= Horace A. Barrows =

American physician

Horace A. Barrows (August 8, 1809 – June 7, 1852) was an American physician who practiced in Western Maine in the early 19th century, made and sold plant-based medicines, prescribed a vegetarian diet and invested in local businesses.

== Biography ==
He was born in Hebron, Massachusetts (it became part of Maine in 1820). He married Irene Bearce in 1832. The couple had two adopted children.

Barrows practiced medicine in Phillips, Maine, Harrison, Maine and Otisfield, Maine.
The Portland Press Herald in 2020 published a photo of the house Barrows lived in. The photo was taken in 1894, after his death in 1852.

Barrows' diaries are in the collection of the Maine Historical Society.

== Scribner's Mills ==
In the 1840s, Barrows and his brother invested in the building of the Barrows-Scribner's Mills sawmill and Scribner Homestead at Carsley's Rips on the Crooked River in Bolsters Mills in Harrison.

The mill complex, a small collection of wood-frame buildings (now partially rebuilt after suffering extensive weather-related damage), was established in the late 1840s by Barrows. The exact construction date of the house is not known, but it appears to have been between 1849 and 1851, when Barrows sold the property, with house, to Elijah Scribner. Barrows' diary mentions the mill enterprise in 1846 and 1847.

In 1984, the Scribner descendants sold the mill to Scribner's Mill Preservation, Inc. and it is being restored and run as an 1847 sawmill museum.

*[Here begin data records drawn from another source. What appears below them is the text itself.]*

(* Let $G$ be a simple cubic graph, and let $(G',r)$ be constructed from $G$ as described in the context. Then $\kappa(G',r)=\tau(G)+|E(G)|$, where $\tau(G)$ is the minimum size of a vertex cover of $G$.
   Context: Construction of $G'$ from a cubic graph $G$: start with $G$. (1) For each edge $e=xy$ of $G$, delete $xy$, add three new vertices $w_{x,e},w_e,w_{y,e}$ and the edges $xw_{x,e}, w_{x,e}w_e, w_ew_{y,e}, w_{y,e}y$. (2) For each edge $e=xy$ of $G$, add two new vertices $z_{x,e},z_{y,e}$ and the edges $w_{x,e}z_{x,e}, z_{x,e}w_e, w_ez_{y,e}, z_{y,e}w_{y,e}$ (so $\{w_{x,e},w_e,z_{x,e}\}$ and $\{w_{y,e},w_e,z_{y,e}\}$ induce triangles). (3) For every vertex $x$ of $G$ with incident edges $e,f,g$, add the edges $w_{x,e}w_{x,f}, w_{x,e}w_{x,g}, w_{x,f}w_{x,g}$. Requirements: for every edge $e=xy$ of $G$, $r(w_{x,e})=r(w_{y,e})=4$ and $r(w_e)=3$; $r(v')=0$ for all other vertices $v'$ of $G'$. For a graph $H$, a set $S\subseteq V(H)$ and $v\in V(H)\setminus S$, a $v$--$S$ fan of order $k$ is a collection of $k$ paths, each connecting $v$ to a vertex of $S$, pairwise vertex-disjoint except at $v$; $v$ is $k$-linked to $S$ if such a fan exists. A vector connectivity set for $(H,r)$ is a set $S$ such that every $v\in V(H)\setminus S$ is $r(v)$-linked to $S$; $\kappa(H,r)$ is the minimum size of such a set. A vertex cover of $G$ is a set of vertices containing an endpoint of every edge. *)

From mathcomp Require Import all_boot.
Set Implicit Arguments. Unset Strict Implicit. Unset Printing Implicit Defensive.

Section General.
Variable H : finType.
Variable adj : rel H.

(* a v--S fan of order k: k paths v = v0, v1, ..., vm (stored as the list
   [v1;...;vm]) each ending in S, internally simple, pairwise vertex-disjoint
   except at v *)
Definition fan (v : H) (S : {set H}) (k : nat) : Prop :=
  exists ps : 'I_k -> seq H,
    (forall i, [/\ path adj v (ps i), uniq (v :: ps i) & last v (ps i) \in S]) /\
    (forall i j, i != j -> [disjoint ps i & ps j]).

Definition linked (v : H) (S : {set H}) (k : nat) : Prop := fan v S k.

Definition vc_set (r : H -> nat) (S : {set H}) : Prop :=
  forall v, v \notin S -> linked v S (r v).

Definition is_kappa (r : H -> nat) (n : nat) : Prop :=
  (exists S, vc_set r S /\ #|S| = n) /\ (forall S, vc_set r S -> n <= #|S|).
End General.

Section Cubic.
Variable T : finType.
Variable e : rel T.

Definition vertex_cover (C : {set T}) : bool :=
  [forall x, forall y, e x y ==> (x \in C) || (y \in C)].

Definition tau : nat :=
  #|[arg min_(C < [set: T] | vertex_cover C) #|C| ]|.

Definition is_edge (s : {set T}) : bool :=
  [exists x, exists y, e x y && (s == [set x; y])].

Definition nedges : nat := #|[set s : {set T} | is_edge s]|.

(* raw vertices:  inl (inl x)      = original vertex x
                  inl (inr (x,y))  = w_{x,xy}
                  inr (inl s)      = w_e  for the edge e = s = {x,y}
                  inr (inr (x,y))  = z_{x,xy}                              *)
Definition Vraw : finType := ((T + (T * T)) + ({set T} + (T * T)))%type.

Definition validv (v : Vraw) : bool :=
  match v with
  | inl (inl _) => true
  | inl (inr (x, y)) => e x y
  | inr (inl s) => is_edge s
  | inr (inr (x, y)) => e x y
  end.

Definition VG' : finType := {v : Vraw | validv v}.

Definition adj0 (u v : Vraw) : bool :=
  match u, v with
  | inl (inl x), inl (inr (x', _)) => x == x'
  | inl (inr (x, y)), inr (inl s) => s == [set x; y]
  | inl (inr (x, y)), inr (inr (x', y')) => (x == x') && (y == y')
  | inr (inr (x, y)), inr (inl s) => s == [set x; y]
  | inl (inr (x, y)), inl (inr (x', y')) => (x == x') && (y != y')  (* triangle at x *)
  | _, _ => false
  end.

Definition adjG' : rel VG' := fun u v => adj0 (val u) (val v) || adj0 (val v) (val u).

Definition rG' (v : VG') : nat :=
  match val v with
  | inl (inr _) => 4
  | inr (inl _) => 3
  | _ => 0
  end.
End Cubic.

From mathcomp Require Import all_boot.
Set Implicit Arguments. Unset Strict Implicit. Unset Printing Implicit Defensive.

(* Call {x} together with the three vertices w_{x,e} the gadget of the vertex x,
   and {w_e, z_{x,e}, z_{y,e}} the gadget of the edge e = xy; the gadgets
   partition V(G').
   Lower bound: {w_{x,e}, w_{y,e}} separates w_e from the rest of G', so a
   vector connectivity set S meets the gadget of every edge.  If S misses the
   gadget of x, then w_e and the two other w_{x,f} separate w_{x,e} from S
   unless z_{x,e} is in S; hence S contains both z-vertices of every edge with
   no endpoint in the set C of vertices whose gadget meets S.  So
   |S| >= |C| + |E(G)| + d, where d counts these edges, and C plus one endpoint
   of each of them is a vertex cover.
   Upper bound: for a minimum vertex cover C, take C together with, for each
   edge, one z-vertex lying next to an endpoint in C; the required fans are
   written down explicitly. *)

Section Fans.
Variables (H : finType) (adj : rel H).

Lemma mem_flatten_nth (L : seq (seq H)) i x :
  x \in nth [::] L i -> x \in flatten L.
Proof.
have [iL|Li] := ltnP i (size L); last by rewrite nth_default.
by move=> xLi; apply/flattenP; exists (nth [::] L i); rewrite ?mem_nth.
Qed.

Lemma uniq_flatten_nth (L : seq (seq H)) i :
  uniq (flatten L) -> uniq (nth [::] L i).
Proof.
elim: L i => [|p L IH] [|i] //=; rewrite cat_uniq => /and3P[up _ uL] //.
exact: IH.
Qed.

Lemma disjoint_flatten_nth (L : seq (seq H)) i j :
  uniq (flatten L) -> i != j -> [disjoint nth [::] L i & nth [::] L j].
Proof.
elim: L i j => [|p L IH] i j; first by rewrite !nth_nil disjoint_has.
rewrite /= cat_uniq => /and3P[_ pL uL].
have disj_p k : [disjoint p & nth [::] L k].
  rewrite disjoint_has; apply/hasPn => x xp; apply/negP => /mem_flatten_nth xL.
  by case/hasP: pL; exists x.
case: i j => [|i] [|j] //= ij; last exact: IH.
by rewrite disjoint_sym disj_p.
Qed.

Lemma fan_of_paths v (S : {set H}) (L : seq (seq H)) :
  all (fun p => path adj v p && (last v p \in S)) L -> uniq (v :: flatten L) ->
  fan adj v S (size L).
Proof.
move=> /allP pathsL /= /andP[vL uL].
exists (fun i => nth [::] L i); split=> [i|i j]; last exact: disjoint_flatten_nth.
have /pathsL/andP[pi lasti] := mem_nth [::] (ltn_ord i).
split=> //=; rewrite uniq_flatten_nth // andbT.
by apply: contra vL; apply: mem_flatten_nth.
Qed.

(* Easy direction of Menger's theorem. *)
Lemma fan_le_cut (K : finType) (h : H -> K) v (S : {set H}) k (Y : {set K}) :
  injective h -> fan adj v S k ->
  (forall p, path adj v p -> uniq (v :: p) -> last v p \in S ->
     exists2 u, u \in p & h u \in Y) ->
  k <= #|Y|.
Proof.
move=> h_inj [ps [ps_ok ps_disj]] cutY.
have hit i : exists u, (u \in ps i) && (h u \in Y).
  by have [pi ui li] := ps_ok i; have [u ??] := cutY _ pi ui li; exists u; apply/andP.
pose g i := h (xchoose (hit i)).
have gY i : g i \in Y by have /andP[] := xchooseP (hit i).
have g_inj : injective g.
  move=> i j /h_inj gij; apply/eqP; apply: contraT => ij.
  have /andP[ui _] := xchooseP (hit i); have /andP[uj _] := xchooseP (hit j).
  by move: (ps_disj i j ij); rewrite disjoint_has => /hasPn/(_ _ ui); rewrite gij uj.
by rewrite -[k]card_ord -(card_image g_inj); apply/subset_leq_card/subsetP=> _ /imageP[i _ ->].
Qed.

Lemma path_to_set_cons v (S : {set H}) p :
  path adj v p -> last v p \in S -> v \notin S ->
  exists u p', [/\ p = u :: p', adj v u, path adj u p' & last u p' \in S].
Proof.
by case: p => [|u p'] /=; [move=> _ -> | move=> /andP[vu pu] lastS _; exists u, p'].
Qed.

End Fans.

Lemma sum_card_fibres_le (K I : finType) (f : K -> I) (A : {set K}) (P : pred I) :
  \sum_(i | P i) #|[set u in A | f u == i]| <= #|A|.
Proof.
rewrite -sum1_card (partition_big f predT) //= [X in _ <= X](bigID P) /=.
apply: leq_trans (leq_addr _ _); apply: leq_sum => i _.
by rewrite -sum1_card; apply/eq_leq/eq_bigl => u; rewrite inE.
Qed.

Lemma set2_eq_cases (T : finType) (a b x y : T) :
  [set a; b] = [set x; y] -> (a = x /\ b = y) \/ (a = y /\ b = x).
Proof.
move=> ab_xy.
have: a \in [set x; y] by rewrite -ab_xy !inE eqxx.
have: b \in [set x; y] by rewrite -ab_xy !inE eqxx orbT.
have: x \in [set a; b] by rewrite ab_xy !inE eqxx.
have: y \in [set a; b] by rewrite ab_xy !inE eqxx orbT.
rewrite !inE => /orP[]/eqP-> /orP[]/eqP-> /orP[]/eqP ax /orP[]/eqP bx; subst; auto.
Qed.

Lemma set2_eqF (T : finType) (x t t' : T) :
  t != x -> t != t' -> ([set x; t] == [set x; t']) = false.
Proof.
move=> tx tt'; apply: contraNF tt' => /eqP/set2_eq_cases[[_ ->]|[_ t'x]] //.
by rewrite t'x eqxx in tx.
Qed.

Lemma eq_inl (A B : eqType) (a a' : A) : (@inl A B a == inl a') = (a == a').
Proof. by apply/eqP/eqP => [[]|->]. Qed.

Lemma eq_inr (A B : eqType) (b b' : B) : (@inr A B b == inr b') = (b == b').
Proof. by apply/eqP/eqP => [[]|->]. Qed.

Section VertexCover.
Variables (T : finType) (e : rel T).

Lemma is_edge_set2 x y : e x y -> is_edge e [set x; y].
Proof. by move=> exy; apply/existsP; exists x; apply/existsP; exists y; rewrite exy eqxx. Qed.

Lemma vertex_cover_setT : vertex_cover e [set: T].
Proof. by apply/forallP=> x; apply/forallP=> y; rewrite inE implybT. Qed.

Lemma tau_le_cover C : vertex_cover e C -> tau e <= #|C|.
Proof.
by rewrite /tau; case: arg_minnP => [|C0 _ min_C0]; [exact: vertex_cover_setT | apply: min_C0].
Qed.

Lemma tau_cover : exists2 C, vertex_cover e C & #|C| = tau e.
Proof.
by rewrite /tau; case: arg_minnP => [|C0 cover_C0 _]; [exact: vertex_cover_setT | exists C0].
Qed.

Lemma tau_le_add_uncovered (C : {set T}) :
  tau e <= #|C| + #|[set s | is_edge e s & s \subset ~: C]|.
Proof.
set D := [set s | _ & _].
pose B := [set x | Some x \in [set [pick y in s] | s : {set T} in D]].
have card_B : #|B| <= #|D|.
  rewrite -(card_imset B (@Some_inj _)).
  apply: leq_trans (leq_imset_card (fun s : {set T} => [pick y in s]) D).
  by apply/subset_leq_card/subsetP => _ /imsetP[x + ->]; rewrite inE.
apply: leq_trans (tau_le_cover (C := C :|: B) _) _; last first.
  by rewrite cardsU (leq_trans (leq_subr _ _)) ?leq_add2l.
apply/forallP=> x; apply/forallP=> y; apply/implyP=> exy; rewrite !in_setU.
have [//|xC] := boolP (x \in C); have [|yC] := boolP (y \in C); first by rewrite orbT.
have xyD : [set x; y] \in D.
  rewrite inE; apply/andP; split.
    exact: is_edge_set2.
  by apply/subsetP=> z; rewrite !inE => /orP[]/eqP->.
have [z xy_z pick_z] : exists2 z, z \in [set x; y] & [pick z in [set x; y]] = Some z.
  by case: pickP => [z|/(_ x)]; [exists z | rewrite !inE eqxx].
have zB : z \in B by rewrite inE -pick_z imset_f.
by move: xy_z zB; rewrite !inE => /orP[]/eqP-> ->; rewrite ?orbT.
Qed.
End VertexCover.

In 1976, the mill had been listed in the National Register of Historic Places, but was removed in 1986 after portions of the structure had collapsed or were dismantled.

== Vegetarian diet ==
Dr. William Alcott's 1838 book "Vegetable Diet" includes two letters from Barrows describing his positive experiences with a vegetarian diet:Dear Sir, – I have a brother-in-law, who owes his life to abstinence from animal food, and strict adherence to the simplest vegetable diet. My own existence is prolonged, only (according to human probabilities) by entire abstinence from flesh-meat of every description, and feeding principally upon the farinacea [an archaic term for grains and vegetables].

Numberless other instances have come under my observation within the last three years, in which a strict adherence to a simple vegetable diet has done for the wretched invalids what the best medical treatment had utterly failed to do.In the second letter he wrote that his meals were "wheat meal bread, potatoes, butter, and baked apples" and he always drank "cold water." Barrows also made his own Graham bread.

== Proprietary medicines ==
Barrows made plant-based medicines that were sold across Maine. Medicines he made and sold were called Best Family Physic, Syrian Balm of Life, and Political Ointment.